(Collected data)
════════

Definition sombor_entry (R : rcfType) (T : finType) (e : rel T) (u v : T) : R :=
  if e u v then sombor_weight R (gdeg e u) (gdeg e v) else 0.

Lemma sqr_sombor_weight (R : rcfType) d e :
  sombor_weight R d e ^+ 2 = (d ^ 2 + e ^ 2)%:R.
Proof. by rewrite sqr_sqrtr ?natrD ?addr_ge0 ?ler0n. Qed.

Lemma sombor_weight_diag (R : rcfType) d :
  sombor_weight R d d = d%:R * Num.sqrt 2.
Proof.
rewrite /sombor_weight -natrD addnn -muln2 natrM natrX sqrtrM ?exprn_ge0 ?ler0n //.
by rewrite sqrtr_sqr ger0_norm ?ler0n.
Qed.

Section DihedralEnhancedPowerGraph.
Local Open Scope group_scope.
Variables (gT : finGroupType) (n : nat) (x y : gT).
Hypotheses (n_gt1 : (1 < n)%N) (card_gT : #|gT| = n.*2) (order_x : #[x] = n)
  (y_notin : y \notin <[x]>) (sqr_notin : forall g, g \notin <[x]> -> g ^+ 2 = 1).
Local Notation X := <[x]>.

Lemma cycle_notin g : g \notin X -> <[g]> = [set 1; g].
Proof.
move=> gX; apply/cycle2g/(prime_nt_dvdP (isT : prime 2)).
  by rewrite order_eq1; apply: contraNneq gX => ->; apply: group1.
by rewrite order_dvdn sqr_notin.
Qed.

Lemma epg_adjE g h :
  epg_adj g h = (g != h) && [|| (g \in X) && (h \in X), g == 1 | h == 1].
Proof.
rewrite /epg_adj; case: eqVneq => //= gh; apply/existsP/idP => [[z] | ].
  case: (boolP (z \in X)) => [zX | /cycle_notin ->] /andP[gz hz].
    have sZX : <[z]> \subset X by rewrite cycle_subG.
    by rewrite (subsetP sZX _ gz) (subsetP sZX _ hz).
  rewrite !inE in gz hz; case/orP: gz => /eqP gE; first by rewrite gE eqxx orbT.
  by case/orP: hz => /eqP hE; [rewrite hE eqxx !orbT | rewrite gE hE eqxx in gh].
case/or3P => [/andP[gX hX] | /eqP-> | /eqP->]; first by exists x; rewrite gX hX.
  by exists h; rewrite group1 cycle_id.
by exists g; rewrite group1 cycle_id.
Qed.
Theorem lemma3p3 (k : nat) (hk : 1 <= k) :
  (forall A : CkAlg k,
     (forall D : A -> Prop, cyclic_ds D ->
        exists F : (A -> Prop) -> Prop,
          (forall M, F M -> maximal_cds M) /\
          (forall x, D x <-> (forall M, F M -> M x))) /\
     (forall x : A, (forall M, maximal_cds M -> M x) <-> x = one A)) /\
  (forall A : CkAlg k, subdirectly_irreducible A -> simple A).
Proof.
  split.
  - intro A. split.
    + intros D HD. exact (cds_intersection_maximal hk HD).
    + exact (maximal_intersection_one hk).
  - intros A. exact (si_simple hk).
Qed.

════════

WHAT THE TASK ASKS -> Please go through the data and copy each line containing the word "rcfType".

TASK RESULT ->
Definition sombor_entry (R : rcfType) (T : finType) (e : rel T) (u v : T) : R :=
Lemma sqr_sombor_weight (R : rcfType) d e :
Lemma sombor_weight_diag (R : rcfType) d :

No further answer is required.